Lemma CV_radius_clifford_coef : CV_radius clifford_coef = p_infty.
Proof.
  apply CV_radius_infinite_DAlembert.
  - intros n. apply Rgt_not_eq, clifford_coef_pos.
  - assert (Hinv := is_lim_seq_Rbar_loc_seq (Finite 0)).
    assert (Hsq := is_lim_seq_mult' _ _ _ _ Hinv Hinv). rewrite Rmult_0_l in Hsq.
    eapply is_lim_seq_ext; [| exact Hsq].
    intros n. simpl. rewrite Rplus_0_l.
    replace (clifford_coef (S n) / clifford_coef n) with (/ (INR n + 1) * / (INR n + 1)).
    + assert (Hn := Rinv_0_lt_compat _ (INRp1_pos n)).
      rewrite Rabs_pos_eq; [reflexivity | nra].
    + unfold clifford_coef. change (fact (S n)) with (S n * fact n)%nat.
      rewrite mult_INR, S_INR.
      assert (Hf := INR_fact_neq_0 n). assert (Hn := INRp1_pos n).
      field. lra.
Qed.

Lemma CV_radius_clifford_coef' : CV_radius (PS_derive clifford_coef) = p_infty.
Proof. rewrite CV_radius_derive. exact CV_radius_clifford_coef. Qed.

Lemma CV_radius_clifford_coef'' : CV_radius (PS_derive (PS_derive clifford_coef)) = p_infty.
Proof. rewrite CV_radius_derive. exact CV_radius_clifford_coef'. Qed.

Lemma is_derive_PSeries_entire (a : nat -> R) (u : R) :
  CV_radius a = p_infty -> is_derive (PSeries a) u (PSeries (PS_derive a) u).
Proof. intros Hrad. apply is_derive_PSeries. rewrite Hrad. exact I. Qed.

Lemma is_derive_clifford (u : R) : is_derive clifford u (clifford' u).
Proof. exact (is_derive_PSeries_entire _ u CV_radius_clifford_coef). Qed.

Lemma is_derive_clifford' (u : R) : is_derive clifford' u (clifford'' u).
Proof. exact (is_derive_PSeries_entire _ u CV_radius_clifford_coef'). Qed.

Lemma clifford_ge_1 (u : R) : 0 <= u -> 1 <= clifford u.
Proof.
  intros Hu. replace 1 with (clifford_coef 0) by (unfold clifford_coef; simpl; field).
  apply PSeries_ge_coef0; [exact CV_radius_clifford_coef | | exact Hu].
  intros n. apply Rlt_le, clifford_coef_pos.
Qed.

Lemma clifford'_ge_1 (u : R) : 0 <= u -> 1 <= clifford' u.
Proof.
  intros Hu. replace 1 with (PS_derive clifford_coef 0)
    by (unfold PS_derive, clifford_coef; simpl; field).
  apply PSeries_ge_coef0; [exact CV_radius_clifford_coef' | | exact Hu].
  intros n. apply Rlt_le, PS_derive_pos, clifford_coef_pos.
Qed.

Lemma clifford''_pos (u : R) : 0 <= u -> 0 < clifford'' u.
Proof.
  intros Hu. assert (H0 := PS_derive_pos _ (PS_derive_pos _ clifford_coef_pos) 0).
  eapply Rlt_le_trans; [exact H0|].
  apply PSeries_ge_coef0; [exact CV_radius_clifford_coef'' | | exact Hu].
  intros n. apply Rlt_le, PS_derive_pos, PS_derive_pos, clifford_coef_pos.
Qed.

Lemma clifford_ode (u : R) : u * clifford'' u + clifford' u = clifford u.
Proof.
  unfold clifford, clifford', clifford''.
  rewrite <- PSeries_incr_1, <- PSeries_plus.
  - apply PSeries_ext. intros [|n]; unfold PS_plus, PS_incr_1, PS_derive, clifford_coef.
    + unfold plus, zero; simpl. field.
    + change (plus ?x ?y) with (x + y).
      change (fact (S (S n))) with (S (S n) * (S n * fact n))%nat.
      change (fact (S n)) with (S n * fact n)%nat.
      rewrite !mult_INR, !S_INR.
      assert (Hf := INR_fact_neq_0 n). assert (Hn := pos_INR n).
      field. repeat split; lra.
  - apply ex_pseries_incr_1, CV_radius_inside. rewrite CV_radius_clifford_coef''. exact I.
  - apply CV_radius_inside. rewrite CV_radius_clifford_coef'. exact I.
Qed.

Definition clifford_gap (u : R) : R :=
  clifford u * (clifford u - clifford' u) - u * clifford' u ^ 2.

Lemma clifford_gap_eq (u : R) :
  clifford_gap u = u * (clifford u * clifford'' u - clifford' u ^ 2).
Proof. unfold clifford_gap. rewrite <- (clifford_ode u). ring. Qed.

Lemma is_derive_clifford_gap (u : R) :
  is_derive clifford_gap u (- clifford u * clifford'' u).
Proof.
  assert (D0 := is_derive_clifford u). assert (D1 := is_derive_clifford' u).
  unfold clifford_gap. auto_derive.
  - repeat split; eexists; eassumption.
  - change (fun x => clifford x) with clifford. change (fun x => clifford' x) with clifford'.
    rewrite (is_derive_unique _ _ _ D0), (is_derive_unique _ _ _ D1).
    rewrite <- (clifford_ode u). ring.
Qed.

Lemma clifford_gap_0 : clifford_gap 0 = 0.
Proof.
  unfold clifford_gap, clifford, clifford'. rewrite !PSeries_0.
  unfold PS_derive, clifford_coef. simpl. field.
Qed.

Lemma clifford_gap_neg (u : R) : 0 < u -> clifford_gap u < 0.
Proof.
  intros Hu. rewrite <- clifford_gap_0.
  apply (is_derive_neg_lt clifford_gap (fun c => - clifford c * clifford'' c) 0 u Hu);
    [intros c _; apply is_derive_clifford_gap |].
  intros c Hc. assert (H0 := clifford_ge_1 c ltac:(lra)).
  assert (H2 := clifford''_pos c ltac:(lra)). nra.
Qed.

Definition clifford_ratio (u : R) : R := clifford' u / clifford u.

Lemma clifford_ratio_decreasing (u v : R) :
  0 < u -> u < v -> clifford_ratio v < clifford_ratio u.
Proof.
  intros Hu Huv.
  apply (is_derive_neg_lt _
           (fun c => (clifford'' c * clifford c - clifford' c * clifford' c) / clifford c ^ 2)
           u v Huv).
  - intros c Hc. apply is_derive_div; [apply is_derive_clifford' | apply is_derive_clifford |].
    assert (H0 := clifford_ge_1 c ltac:(lra)). lra.
  - intros c Hc. assert (H0 := clifford_ge_1 c ltac:(lra)).
    assert (Hgap := clifford_gap_neg c ltac:(lra)). rewrite clifford_gap_eq in Hgap.
    apply Rdiv_neg_pos; [nra | apply pow_lt; lra].
Qed.

Lemma clifford_ratio_inj (u v : R) :
  0 < u -> 0 < v -> clifford_ratio u = clifford_ratio v -> u = v.
Proof.
  intros Hu Hv Heq.
  destruct (Rtotal_order u v) as [Hlt | [Heq' | Hgt]]; [| exact Heq' |].
  - apply clifford_ratio_decreasing in Hlt; lra.
  - apply clifford_ratio_decreasing in Hgt; lra.
Qed.

Lemma besselI0_clifford (x : R) : besselI 0 x = clifford (x * x / 4).
Proof.
  unfold besselI, clifford, PSeries. change (Z.abs_nat 0) with 0%nat.
  apply Series_ext. intros n. rewrite !Nat.add_0_r, pow_mult.
  unfold clifford_coef. assert (Hf := INR_fact_neq_0 n).
  replace ((x / 2) ^ 2) with (x * x / 4) by field. field. exact Hf.
Qed.

Lemma is_derive_besselI0 (x : R) :
  is_derive (besselI 0) x (clifford' (x * x / 4) * (x / 2)).
Proof.
  apply (is_derive_ext (fun y => clifford (y * y / 4)));
    [intros y; symmetry; apply besselI0_clifford |].
  assert (D := is_derive_clifford (x * x / 4)).
  auto_derive; [eexists; exact D |].
  change (fun y => clifford y) with clifford. unfold Rdiv in *.
  rewrite (is_derive_unique _ _ _ D). field.
Qed.

Lemma besselI0_diff_quot (x : R) :
  is_lim_seq (diff_quot (besselI 0) x) (Derive (besselI 0) x).
Proof.
  rewrite (is_derive_unique _ _ _ (is_derive_besselI0 x)).
  apply is_derive_diff_quot, is_derive_besselI0.
Qed.

Lemma besselI0_pos (x : R) : 0 < besselI 0 x.
Proof.
  rewrite besselI0_clifford. assert (H := clifford_ge_1 (x * x / 4) ltac:(nra)). lra.
Qed.

Lemma Derive_besselI0_pos (x : R) : 0 < x -> 0 < Derive (besselI 0) x.
Proof.
  intros Hx. rewrite (is_derive_unique _ _ _ (is_derive_besselI0 x)).
  assert (H := clifford'_ge_1 (x * x / 4) ltac:(nra)). nra.
Qed.

Lemma besselI0_lt (x y : R) : 0 <= x -> x < y -> besselI 0 x < besselI 0 y.
Proof.
  intros Hx Hxy.
  apply (is_derive_pos_lt _ (fun c => clifford' (c * c / 4) * (c / 2)) x y Hxy);
    [intros c _; apply is_derive_besselI0 |].
  intros c Hc. assert (H := clifford'_ge_1 (c * c / 4) ltac:(nra)). nra.
Qed.

(** * Improper integrals and K_0 *)

Lemma filter_prod_0_infty_le :
  filter_prod (at_point 0) (Rbar_locally p_infty) (fun ab : R * R => 0 <= fst ab <= snd ab).
Proof.
  apply Filter_prod with (fun a => a = 0) (fun b => 0 < b); [reflexivity | exists 0; auto |].
  intros a b -> Hb. simpl. lra.
Qed.

Lemma is_RInt_gen_le_0_infty (f g : R -> R) (lf lg : R) :
  (forall t, 0 <= t -> f t <= g t) ->
  is_RInt_gen f (at_point 0) (Rbar_locally p_infty) lf ->
  is_RInt_gen g (at_point 0) (Rbar_locally p_infty) lg -> lf <= lg.
Proof.
  intros Hfg Hf Hg.
  assert (Hd := is_RInt_gen_minus _ _ _ _ Hg Hf).
  assert (Hnorm : norm (minus lg lf) <= minus lg lf).
  { set (h := fun t => minus (g t) (f t)).
    apply (RInt_gen_norm (V := R_CompleteNormedModule) h h _ _
             (filter_imp _ _ (fun ab Hab => proj2 Hab) filter_prod_0_infty_le));
      [| exact Hd | exact Hd].
    refine (filter_imp _ _ _ filter_prod_0_infty_le). intros [a b] Hab t Ht; simpl in *.
    assert (H := Hfg t ltac:(lra)). unfold h, minus, plus, opp, norm; simpl.
    unfold abs; simpl. rewrite Rabs_pos_eq; lra. }
  assert (H := norm_ge_0 (minus lg lf)).
  unfold minus, plus, opp in *; simpl in *. lra.
Qed.

Section NonnegImproperIntegral.

Variable f : R -> R.
Hypothesis f_cont : forall t, continuous f t.
Hypothesis f_ge_0 : forall t, 0 <= f t.
Variable M : R.
Hypothesis RInt_f_le : forall b, 0 <= b -> RInt f 0 b <= M.

Lemma ex_RInt_cont (a b : R) : ex_RInt f a b.
Proof. apply (ex_RInt_continuous (V := R_CompleteNormedModule)). intros; apply f_cont. Qed.

Lemma RInt_0_le_mono (b b' : R) : 0 <= b -> b <= b' -> RInt f 0 b <= RInt f 0 b'.
Proof.
  intros Hb Hbb'. rewrite <- (RInt_Chasles f 0 b b') by apply ex_RInt_cont.
  assert (0 <= RInt f b b') by (apply RInt_ge_0; auto using ex_RInt_cont).
  change (plus ?u ?v) with (u + v). lra.
Qed.

Lemma is_RInt_gen_nonneg_bounded :
  exists l, is_RInt_gen f (at_point 0) (Rbar_locally p_infty) l /\
            forall b, 0 <= b -> RInt f 0 b <= l.
Proof.
  assert (Hincr : forall n, RInt f 0 (INR n) <= RInt f 0 (INR (S n)))
    by (intros n; apply RInt_0_le_mono; [apply pos_INR | rewrite S_INR; lra]).
  destruct (ex_finite_lim_seq_incr (fun n => RInt f 0 (INR n)) M Hincr)
    as [l Hl]; [intros n; apply RInt_f_le, pos_INR |].
  assert (Hle : forall b, 0 <= b -> RInt f 0 b <= l).
  { intros b Hb. destruct (INR_unbounded b) as [m Hm].
    apply Rle_trans with (RInt f 0 (INR m)); [apply RInt_0_le_mono; lra |].
    exact (is_lim_seq_incr_compare _ _ Hl Hincr m). }
  exists l. split; [| exact Hle].
  intros P [eps HP]. apply is_lim_seq_spec in Hl. destruct (Hl eps) as [N HN].
  apply Filter_prod with (fun a => a = 0) (fun b => INR N < b);
    [reflexivity | exists (INR N); auto |].
  intros a b -> Hb. exists (RInt f 0 b). split.
  - apply (RInt_correct (V := R_CompleteNormedModule)), ex_RInt_cont.
  - apply HP. change (Rabs (RInt f 0 b - l) < eps).
    assert (HN' := HN N (Nat.le_refl _)).
    assert (HNb : RInt f 0 (INR N) <= RInt f 0 b)
      by (apply RInt_0_le_mono; [apply pos_INR | lra]).
    assert (Hbl := Hle b ltac:(generalize (pos_INR N); lra)).
    apply Rabs_def2 in HN'. apply Rabs_def1; lra.
Qed.

End NonnegImproperIntegral.

Definition besselK0_integrand (x t : R) : R := exp (- x * cosh t).

Lemma besselK0_integrand_cont (x t : R) : continuous (besselK0_integrand x) t.
Proof.
  apply (ex_derive_continuous (besselK0_integrand x)).
  unfold besselK0_integrand, cosh. auto_derive. exact I.
Qed.

Lemma RInt_besselK0_integrand_le (x b : R) : 0 < x -> 0 <= b ->
  RInt (besselK0_integrand x) 0 b <= 2 / x.
Proof.
  intros Hx Hb.
  set (g := fun t => exp (- x * (1 + t) / 2)).
  set (G := fun t => - (2 / x) * exp (- x * (1 + t) / 2)).
  assert (HG : is_RInt g 0 b (minus (G b) (G 0))).
  { apply (is_RInt_derive (V := R_CompleteNormedModule)); intros t _.
    - unfold G, g. auto_derive; [exact I |]. unfold Rdiv. field. lra.
    - apply (ex_derive_continuous g). unfold g. auto_derive. exact I. }
  assert (Hle : RInt (besselK0_integrand x) 0 b <= RInt g 0 b).
  { apply RInt_le;
      [exact Hb | apply ex_RInt_cont, besselK0_integrand_cont | eexists; exact HG |].
    intros t Ht. unfold besselK0_integrand, g. apply exp_le.
    assert (H := cosh_ge_half_succ t). nra. }
  rewrite (is_RInt_unique _ _ _ _ HG) in Hle. unfold G, minus, plus, opp in Hle; simpl in Hle.
  assert (Hexp0 : exp (- x * (1 + 0) / 2) <= 1)
    by (rewrite <- exp_0 at 2; apply exp_le; lra).
  assert (Hexpb := exp_pos (- x * (1 + b) / 2)).
  assert (H2x : 0 < 2 / x) by (apply Rdiv_lt_0_compat; lra).
  nra.
Qed.

Lemma besselK0_spec (x : R) : 0 < x ->
  is_RInt_gen (besselK0_integrand x) (at_point 0) (Rbar_locally p_infty) (besselK 0 x) /\
  forall b, 0 <= b -> RInt (besselK0_integrand x) 0 b <= besselK 0 x.
Proof.
  intros Hx.
  destruct (is_RInt_gen_nonneg_bounded (besselK0_integrand x) (besselK0_integrand_cont x)
              (fun t => Rlt_le _ _ (exp_pos _)) (2 / x)
              (fun b => RInt_besselK0_integrand_le x b Hx))
    as [l [Hl Hle]].
  replace (besselK 0 x) with l; [split; assumption |].
  symmetry. unfold besselK. apply is_RInt_gen_unique.
  refine (is_RInt_gen_ext _ _ _ (filter_forall _ _) Hl).
  intros ab t _. unfold besselK0_integrand. simpl. rewrite Rmult_0_l, cosh_0. ring.
Qed.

## EXERCISE PROMPT
Lines holding "destruct" in the data above: copy each of them.

## COMPLETED TASK
  destruct (Rtotal_order u v) as [Hlt | [Heq' | Hgt]]; [| exact Heq' |].
  destruct (ex_finite_lim_seq_incr (fun n => RInt f 0 (INR n)) M Hincr)
  { intros b Hb. destruct (INR_unbounded b) as [m Hm].
  intros P [eps HP]. apply is_lim_seq_spec in Hl. destruct (Hl eps) as [N HN].
  destruct (is_RInt_gen_nonneg_bounded (besselK0_integrand x) (besselK0_integrand_cont x)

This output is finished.